Behera, S.; Rossi, M.; Wang, Y.; Izydorczyk, M. B.; Tran, D.; Dalgard, C. L.; Kalef-Ezra, E.; Kottapalli, K.; Mehta, H.; Parnaby, G.; Risse-Adams, O. S.; Scholz, S. W.; Shen, H.; Nelson, T. M.; Visvanath, A.; Zheng, X.; Doddapaneni, H.; Garcia, T. X.; Mason, C. E.; Proukakis, C.; Han, J.; Mehio, R.; Catreux, S.; Sedlazeck, F.
Show abstract
Detecting low variant allele fraction (VAF) mosaic variants without matching controls remains a major challenge in genomics, limited by technical noise, lack of benchmarks, and computational scalability.
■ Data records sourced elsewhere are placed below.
(* Let $n\ge 4$ and let $G$ be a graph having the maximum value of $cM_2$ among all connected graphs of order $n$. Then the maximum degree of $G$ is $n-1$.
   Context: All graphs are finite and simple. For a graph $G$ and a vertex $u$, $d_u(G)$ denotes the degree of $u$ in $G$. The complementary second Zagreb index of $G$ is $cM_2(G)=\sum_{uv\in E(G)}\left|(d_u(G))^2-(d_v(G))^2\right|$. *)

From mathcomp Require Import all_boot.
Set Implicit Arguments. Unset Strict Implicit. Unset Printing Implicit Defensive.

Record sgraph (n : nat) := SGraph {
  adj : rel 'I_n;
  adj_sym : symmetric adj;
  adj_irr : irreflexive adj }.

Definition deg n (G : sgraph n) (u : 'I_n) : nat := #|[set v | adj G u v]|.

Definition connected_graph n (G : sgraph n) : Prop :=
  forall u v : 'I_n, connect (adj G) u v.

(* complementary second Zagreb index: sum over edges uv (each unordered edge
   counted once, via u < v) of |d_u^2 - d_v^2| (written max - min on nat) *)
Definition cM2 n (G : sgraph n) : nat :=
  \sum_(u : 'I_n) \sum_(v : 'I_n | (u < v) && adj G u v)
     (maxn (deg G u ^ 2) (deg G v ^ 2) - minn (deg G u ^ 2) (deg G v ^ 2)).

Definition maxdeg n (G : sgraph n) : nat := \max_(u : 'I_n) deg G u.

From mathcomp Require Import all_boot zify.
Set Implicit Arguments. Unset Strict Implicit. Unset Printing Implicit Defensive.

(* Suppose a vertex u of maximum degree D had a non-neighbour w, of degree
   dw <= D, and add the edge uw. Every neighbour y of u has degree at most D,
   so each of the D terms |d_u^2 - d_y^2| grows by exactly (D+1)^2 - D^2 = 2D+1.
   Each of the dw terms at w shrinks by at most 2dw+1, and only when some
   neighbour of w has larger degree, which forces dw < D. Connectivity gives
   D >= 1, so dw * [dw < D] * (2dw+1) < D(2D+1) and cM2 strictly increases. *)

Definition sq_dist (a b : nat) : nat := maxn (a ^ 2) (b ^ 2) - minn (a ^ 2) (b ^ 2).

Lemma sq_dist_sym a b : sq_dist a b = sq_dist b a.
Proof. by rewrite /sq_dist maxnC minnC. Qed.

Lemma sq_dist_succl a b : b <= a -> sq_dist a.+1 b = sq_dist a b + (2 * a + 1).
Proof. rewrite /sq_dist; nia. Qed.

Lemma sq_dist_succl_lb a b c : b <= c ->
  sq_dist a b <= sq_dist a.+1 b + (a < c) * (2 * a + 1).
Proof. rewrite /sq_dist; case: (ltnP a c) => /=; nia. Qed.

Section Degrees.
Variables (n : nat) (G : sgraph n).

Lemma deg_le_pred u : deg G u <= n.-1.
Proof.
rewrite -[n in n.-1]card_ord -(cardsC1 u); apply: subset_leq_card.
by apply/subsetP => v; rewrite !inE; apply: contraTneq => ->; rewrite adj_irr.
Qed.

Lemma nonneighbour_of_deg_lt u : deg G u < n.-1 -> exists2 w, w != u & ~~ adj G u w.
Proof.
rewrite -[n in n.-1]card_ord -(cardsC1 u) => lt_deg.
have /subsetPn [w] : ~~ ([set~ u] \subset [set v | adj G u v]).
  by apply: contraTN lt_deg => /subset_leq_card; rewrite leqNgt.
by rewrite !inE => wu nuw; exists w.
Qed.

Lemma connected_deg_gt0 u w : connected_graph G -> u != w -> 0 < deg G u.
Proof.
move=> cG; case/connectP: (cG u w) => [[|y p] /= uyp -> //].
  by rewrite eqxx.
by case/andP: uyp => uy _ _; rewrite card_gt0; apply/set0Pn; exists y; rewrite inE.
Qed.

Lemma sum_adj x k : \sum_y (if adj G x y then k else 0) = deg G x * k.
Proof.
by rewrite -sum_nat_const [RHS]big_mkcond; apply: eq_bigr => y _; rewrite inE.
Qed.

Definition pair_term (x y : 'I_n) : nat :=
  if adj G x y then sq_dist (deg G x) (deg G y) else 0.

Lemma pair_term_sym x y : pair_term x y = pair_term y x.
Proof. by rewrite /pair_term adj_sym sq_dist_sym. Qed.

Lemma cM2_double : 2 * cM2 G = \sum_x \sum_y pair_term x y.
Proof.
pose half (b : 'I_n -> 'I_n -> bool) := \sum_x \sum_y (if b x y then pair_term x y else 0).
have cM2E : cM2 G = half (fun x y => x < y).
  apply: eq_bigr => x _; rewrite big_mkcond; apply: eq_bigr => y _.
  by rewrite /pair_term; case: (x < y); case: (adj G x y).
have halfC : half (fun x y => y < x) = half (fun x y => x < y).
  rewrite /half exchange_big; apply: eq_bigr => x _; apply: eq_bigr => y _.
  by rewrite pair_term_sym.
rewrite mul2n -addnn {1}cM2E -halfC cM2E /half -big_split; apply: eq_bigr => x _.
rewrite -big_split; apply: eq_bigr => y _ /=.
case: ltngtP => [||/val_inj ->]; rewrite ?addn0 //.
by rewrite /pair_term adj_irr.
Qed.

Definition incident_weight (v : 'I_n) (k : nat) (x y : 'I_n) : nat :=
  if adj G x y && ((x == v) || (y == v)) then k else 0.

Lemma incident_weight_sym v k x y : incident_weight v k x y = incident_weight v k y x.
Proof. by rewrite /incident_weight adj_sym orbC. Qed.

Lemma sum_incident_weight v k :
  \sum_x \sum_y incident_weight v k x y = 2 * (deg G v * k).
Proof.
have rowE x : \sum_y incident_weight v k x y =
    (if x == v then deg G v * k else 0) + (if adj G v x then k else 0).
  rewrite /incident_weight; case: eqVneq => [->|xv].
    by rewrite adj_irr addn0 -sum_adj; apply: eq_bigr => y _; rewrite orTb andbT.
  rewrite add0n (bigD1 v) //= eqxx andbT adj_sym big1 ?addn0 // => y /negbTE yv.
  by rewrite yv andbF.
rewrite (eq_bigr _ (fun x _ => rowE x)) big_split /= sum_adj mul2n -addnn.
by rewrite -big_mkcond big_pred1_eq.
Qed.

End Degrees.

Section AddEdge.
Variables (n : nat) (G : sgraph n) (u w : 'I_n).
Hypothesis uw : u != w.

Definition add_edge_rel (x y : 'I_n) : bool :=
  adj G x y || ((x == u) && (y == w)) || ((x == w) && (y == u)).

Lemma add_edge_rel_sym : symmetric add_edge_rel.
Proof.
move=> x y; rewrite /add_edge_rel adj_sym -!orbA; congr (_ || _).
by rewrite orbC; congr (_ || _); apply: andbC.
Qed.

Lemma add_edge_rel_irr : irreflexive add_edge_rel.
Proof.
move=> x; rewrite /add_edge_rel adj_irr /=.
by apply/negP => /orP [] /andP [/eqP e1 /eqP e2]; move: uw; rewrite -e1 -e2 eqxx.
Qed.

Definition add_edge : sgraph n := SGraph add_edge_rel_sym add_edge_rel_irr.

Lemma add_edge_connected : connected_graph G -> connected_graph add_edge.
Proof.
move=> cG x y; apply: connect_sub (cG x y) => a b ab.
by apply: connect1; rewrite /= /add_edge_rel ab.
Qed.

Lemma adj_add_edge_other x y : x != u -> x != w -> adj add_edge x y = adj G x y.
Proof. by move=> /negbTE xu /negbTE xw; rewrite /= /add_edge_rel xu xw !orbF. Qed.

Lemma deg_add_edge_other x : x != u -> x != w -> deg add_edge x = deg G x.
Proof.
by move=> xu xw; apply: eq_card => y; rewrite !inE adj_add_edge_other.
Qed.

Hypothesis nadj : ~~ adj G u w.

Lemma adj_add_edge_l y : adj add_edge u y = adj G u y || (y == w).
Proof. by rewrite /= /add_edge_rel eqxx eq_sym (negbTE uw) orbF. Qed.

Lemma adj_add_edge_r y : adj add_edge w y = adj G w y || (y == u).
Proof. by rewrite /= /add_edge_rel eqxx [w == u]eq_sym (negbTE uw) /= orbF. Qed.

Lemma deg_add_edge_l : deg add_edge u = (deg G u).+1.
Proof.
rewrite /deg (_ : [set v | _] = w |: [set v | adj G u v]).
  by rewrite cardsU1 inE (negbTE nadj).
by apply/setP => v; rewrite !inE adj_add_edge_l orbC.
Qed.

Lemma deg_add_edge_r : deg add_edge w = (deg G w).+1.
Proof.
rewrite /deg (_ : [set v | _] = u |: [set v | adj G w v]).
  by rewrite cardsU1 inE adj_sym (negbTE nadj).
by apply/setP => v; rewrite !inE adj_add_edge_r orbC.
Qed.

Hypothesis u_maxdeg : forall x, deg G x <= deg G u.

Let D := deg G u.
Let dw := deg G w.
Let gain := incident_weight G u (2 * D + 1).
Let loss := incident_weight G w ((dw < D) * (2 * dw + 1)).

Lemma pair_term_add_edge_u y :
  pair_term G u y + gain u y <= pair_term add_edge u y + loss u y.
Proof.
rewrite /gain /loss /incident_weight /pair_term adj_add_edge_l eqxx (negbTE uw) /=.
case: (eqVneq y w) => [->|yw]; first by rewrite (negbTE nadj).
rewrite orbF andbT andbF addn0 deg_add_edge_l.
case: ifP => // uy; have yu : y != u by apply: contraTneq uy => ->; rewrite adj_irr.
by rewrite deg_add_edge_other // sq_dist_succl ?u_maxdeg.
Qed.

Lemma pair_term_add_edge_w y :
  pair_term G w y + gain w y <= pair_term add_edge w y + loss w y.
Proof.
rewrite /gain /loss /incident_weight /pair_term adj_add_edge_r eqxx eq_sym (negbTE uw) /=.
case: (eqVneq y u) => [->|yu]; first by rewrite adj_sym (negbTE nadj).
rewrite orbF andbT andbF addn0 deg_add_edge_r.
case: ifP => // wy; have yw : y != w by apply: contraTneq wy => ->; rewrite adj_irr.
by rewrite deg_add_edge_other // sq_dist_succl_lb ?u_maxdeg.
Qed.

Lemma pair_term_add_edge x y :
  pair_term G x y + gain x y <= pair_term add_edge x y + loss x y.
Proof.
wlog xuw : x y / (x == u) || (x == w) || (y != u) && (y != w).
  move=> sym_case; case: (boolP ((x == u) || (x == w) || (y != u) && (y != w))).
    exact: sym_case.
  rewrite !negb_or negb_and !negbK => /andP [_ yuw].
  rewrite [pair_term G x y]pair_term_sym [pair_term add_edge x y]pair_term_sym.
  by rewrite /gain /loss !(incident_weight_sym _ _ _ x y) sym_case // yuw.
case/orP: xuw => [/orP [/eqP -> | /eqP ->] | /andP [yu yw]].
- exact: pair_term_add_edge_u.
- exact: pair_term_add_edge_w.
case: (eqVneq x u) => [-> | xu]; first exact: pair_term_add_edge_u.
case: (eqVneq x w) => [-> | xw]; first exact: pair_term_add_edge_w.
rewrite /gain /loss /incident_weight /pair_term adj_add_edge_other //.
by rewrite !deg_add_edge_other // (negbTE xu) (negbTE xw) (negbTE yu) (negbTE yw) !andbF.
Qed.

Lemma cM2_add_edge_gt : 0 < D -> cM2 G < cM2 add_edge.
Proof.
move=> D_gt0.
have : \sum_x \sum_y pair_term G x y + \sum_x \sum_y gain x y
    <= \sum_x \sum_y pair_term add_edge x y + \sum_x \sum_y loss x y.
  rewrite -!big_split; apply: leq_sum => x _.
  by rewrite -!big_split; apply: leq_sum => y _; apply: pair_term_add_edge.
rewrite -!cM2_double /gain /loss !sum_incident_weight.
have : dw <= D by apply: u_maxdeg.
by case: (ltnP dw D) => /=; nia.
Qed.

End AddEdge.

Lemma maxdeg_attained n (G : sgraph n) : 0 < n ->
  exists2 u, maxdeg G = deg G u & forall x, deg G x <= deg G u.
Proof.
rewrite -[n in 0 < n]card_ord => n_gt0; have [u maxE] := eq_bigmax (deg G) n_gt0.
by exists u => // x; rewrite -maxE; apply: leq_bigmax.
Qed.

Theorem proposition1 (n : nat) (G : sgraph n) :
  4 <= n ->
  connected_graph G ->
  (forall H : sgraph n, connected_graph H -> cM2 H <= cM2 G) ->
  maxdeg G = n.-1.
Proof.
move=> n_ge4 cG cM2_max.
have [u -> u_maxdeg] := maxdeg_attained G (leq_trans (isT : 0 < 4) n_ge4).
apply/eqP; rewrite eqn_leq deg_le_pred leqNgt; apply/negP.
case/nonneighbour_of_deg_lt => w; rewrite eq_sym => uw nadj.
have := cM2_max _ (add_edge_connected uw cG).
by rewrite leqNgt cM2_add_edge_gt // (connected_deg_gt0 cG uw).
Qed.
(* Fix $i\in\mathcal V$. Let $\mathbf u\in\mathcal A(b):=\{\mathbf w\in\mathbb R^{d+2}:0<\rho(\mathbf w)<b^{-1}\}$ and $\mathbf p\in\mathbb R^{d+2}$, and let $\ell_0>0$ be such that $\mathbf u+\ell_0\mathbf p\in\mathcal A(b)$. Define $f:[0,\ell_0]\to\mathbb R$ by $f(\ell)=\Phi_i^s(\mathbf u+\ell\mathbf p)$, where $$\Phi_i^s(\mathbf w)=\rho(\mathbf w)E(\mathbf w)-\tfrac12\|\mathbf m(\mathbf w)\|^2-S_i^{\min,n}\rho(\mathbf w)^{\gamma_i^{\min,n}+1}(1-b\rho(\mathbf w))^{1-\gamma_i^{\min,n}}.$$ Then the sign of $f'''(\ell)$ is constant over $[0,\ell_0]$ (i.e. $f''$ is monotone on $[0,\ell_0]$).
   Context: Let $d\ge1$, $b\ge0$ (when $b=0$, read $b^{-1}=+\infty$). For $\mathbf w\in\mathbb R^{d+2}$, $\rho(\mathbf w)$ is its first component, $\mathbf m(\mathbf w)\in\mathbb R^d$ its components $2$ to $d+1$, $E(\mathbf w)$ its last component; for $\rho>0$, $e(\mathbf w)=E/\rho-\tfrac12\|\mathbf m/\rho\|^2$. Admissible set $\mathcal B(b)=\{\rho>0,\ 1-b\rho>0,\ e>0\}$. A pressure oracle $p:\mathcal B(b)\to[0,\infty)$ is given, with flux $\mathbb f(\mathbf w)=(\mathbf m,\ \frac{\mathbf m}{\rho}\otimes\mathbf m+p\,\mathbb I_d,\ \frac{\mathbf m}{\rho}(E+p))^{\mathsf T}$. Discretization: finite index set $\mathcal V$, stencils $\mathcal I(i)\ni i$, masses $m_i>0$, vectors $\mathbf c_{ij}\in\mathbb R^d$ ($\mathbf c_{ij}=-\mathbf c_{ji}$, $\sum_j\mathbf c_{ij}=0$, nonzero for $j\ne i$), $\mathbf n_{ij}=\mathbf c_{ij}/\|\mathbf c_{ij}\|$, states $\mathsf U_k^n=(\varrho_k^n,\mathsf M_k^n,\mathsf E_k^n)\in\mathcal B(b)$ for all $k$. $\gamma_k^n=1+\frac{p(\mathsf U_k^n)(1-b\varrho_k^n)}{\varrho_k^n e(\mathsf U_k^n)}$ and $\gamma_i^{\min,n}=\min_{j\in\mathcal I(i)}\gamma_j^n$ (so $\gamma_i^{\min,n}\ge1$). For $j\ne i$, $d_{ij}^{\mathrm L,n}=\max(\widehat\lambda(\mathbf n_{ij},\mathsf U_i^n,\mathsf U_j^n)\|\mathbf c_{ij}\|,\widehat\lambda(\mathbf n_{ji},\mathsf U_j^n,\mathsf U_i^n)\|\mathbf c_{ji}\|)$, where $\widehat\lambda$ is a positive upper bound on the maximum wave speed of the associated one-dimensional extended Riemann problem (any positive numbers are admissible for the present statement), and $\overline{\mathsf U}_{ij}^n=\tfrac12(\mathsf U_i^n+\mathsf U_j^n)-\frac{1}{2d_{ij}^{\mathrm L,n}}(\mathbb f(\mathsf U_j^n)-\mathbb f(\mathsf U_i^n))\mathbf c_{ij}$. With $S(\mathbf w,\gamma)=\frac{\rho e(\mathbf w)}{\rho^\gamma}(1-b\rho)^{\gamma-1}$, set $S_i^{\min,n}=\min\big(\min_{j\in\mathcal I(i)}S(\mathsf U_j^n,\gamma_i^{\min,n}),\min_{j\in\mathcal I(i)\setminus\{i\}}S(\overline{\mathsf U}_{ij}^n,\gamma_i^{\min,n})\big)$, which is a nonnegative constant in the setting of the paper (the auxiliary states lie in $\mathcal B(b)$). $\Phi_i^s(\mathbf w)=\rho(\mathbf w)\Psi_i^s(\mathbf w)$ where $\Psi_i^s(\mathbf w)=\rho e(\mathbf w)-S_i^{\min,n}\rho^{\gamma_i^{\min,n}}(1-b\rho)^{1-\gamma_i^{\min,n}}$. *)

From HB Require Import structures.
From mathcomp Require Import all_boot all_order all_algebra.
From mathcomp Require Import all_classical all_reals all_analysis.
Set Implicit Arguments. Unset Strict Implicit. Unset Printing Implicit Defensive.
Import Order.TTheory GRing.Theory Num.Theory.
Import numFieldNormedType.Exports.
Local Open Scope ring_scope.

Section Euler.
Variable R : realType.
(* the paper's space dimension is d.+1 (so it is >= 1); states live in
   R^{(d.+1)+2} = 'rV_(d.+3) *)
Variable d : nat.

Definition rho (w : 'rV[R]_(d.+3)) : R := w 0 ord0.
Definition mom (w : 'rV[R]_(d.+3)) (k : 'I_(d.+1)) : R := w 0 (inord k.+1).
Definition Eng (w : 'rV[R]_(d.+3)) : R := w 0 ord_max.
Definition msq (w : 'rV[R]_(d.+3)) : R := \sum_(k < d.+1) mom w k ^+ 2.

Definition eint (w : 'rV[R]_(d.+3)) : R :=
  Eng w / rho w - 2^-1 * \sum_(k < d.+1) (mom w k / rho w) ^+ 2.

(* admissible set B(b); the condition 1 - b rho > 0 reads b^{-1}=+oo when b=0 *)
Definition inB (b : R) (w : 'rV[R]_(d.+3)) : Prop :=
  0 < rho w /\ 0 < 1 - b * rho w /\ 0 < eint w.

(* A(b) = { 0 < rho < b^{-1} } (with b^{-1} = +oo when b = 0) *)
Definition inA (b : R) (w : 'rV[R]_(d.+3)) : Prop :=
  0 < rho w /\ 0 < 1 - b * rho w.

Definition vnorm (c : 'rV[R]_(d.+1)) : R := Num.sqrt (\sum_(k < d.+1) c 0 k ^+ 2).
Definition vdot (x y : 'rV[R]_(d.+1)) : R := \sum_(k < d.+1) x 0 k * y 0 k.

(* the flux f(w) applied to the vector c, i.e. f(w) c in R^{d+2}, with
   f(w) = (m, m/rho (x) m + p I_d, m/rho (E+p))^T *)
Definition flux_c (p : 'rV[R]_(d.+3) -> R) (w : 'rV[R]_(d.+3)) (c : 'rV[R]_(d.+1))
  : 'rV[R]_(d.+3) :=
  let mc := \sum_(k < d.+1) mom w k * c 0 k in
  \row_(l < d.+3)
    if (l : nat) == 0%N then mc
    else if (l : nat) == d.+2 then mc / rho w * (Eng w + p w)
    else mom w (inord l.-1) / rho w * mc + p w * c 0 (inord l.-1).

Definition Sfun (b : R) (w : 'rV[R]_(d.+3)) (g : R) : R :=
  rho w * eint w / powR (rho w) g * powR (1 - b * rho w) (g - 1).

Section Discretization.
Variable V : finType.
Variables (b : R) (p : 'rV[R]_(d.+3) -> R) (I : V -> {set V})
  (c : V -> V -> 'rV[R]_(d.+1)) (U : V -> 'rV[R]_(d.+3))
  (lam : 'rV[R]_(d.+1) -> 'rV[R]_(d.+3) -> 'rV[R]_(d.+3) -> R).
We present the DRAGEN mosaic caller, a hardware-accelerated approach identifying variants down to [~]1-2% VAF with low false-positive rates and hour-scale runtimes for mosaic SNV/indel detection from bulk sequencing. To support evaluation, we introduce a genome-wide low-VAF benchmark for variants between 1-10% VAF. Application to blood, sperm, and brain tissues revealed patterns, including mosaic hotspots and mutational signatures. The first analysis of HG002 blood showed that many "mosaic" variants defined from HG002 cell lines are likely culture-derived and not in vivo mutations. Importantly, DRAGEN also enables personalized assembly pangenome references to improve alignment and mosaic variant detection in complex regions. Together, this development makes routine low-VAF discovery feasible, opening new opportunities to study mosaic mutations in healthy and disease individuals.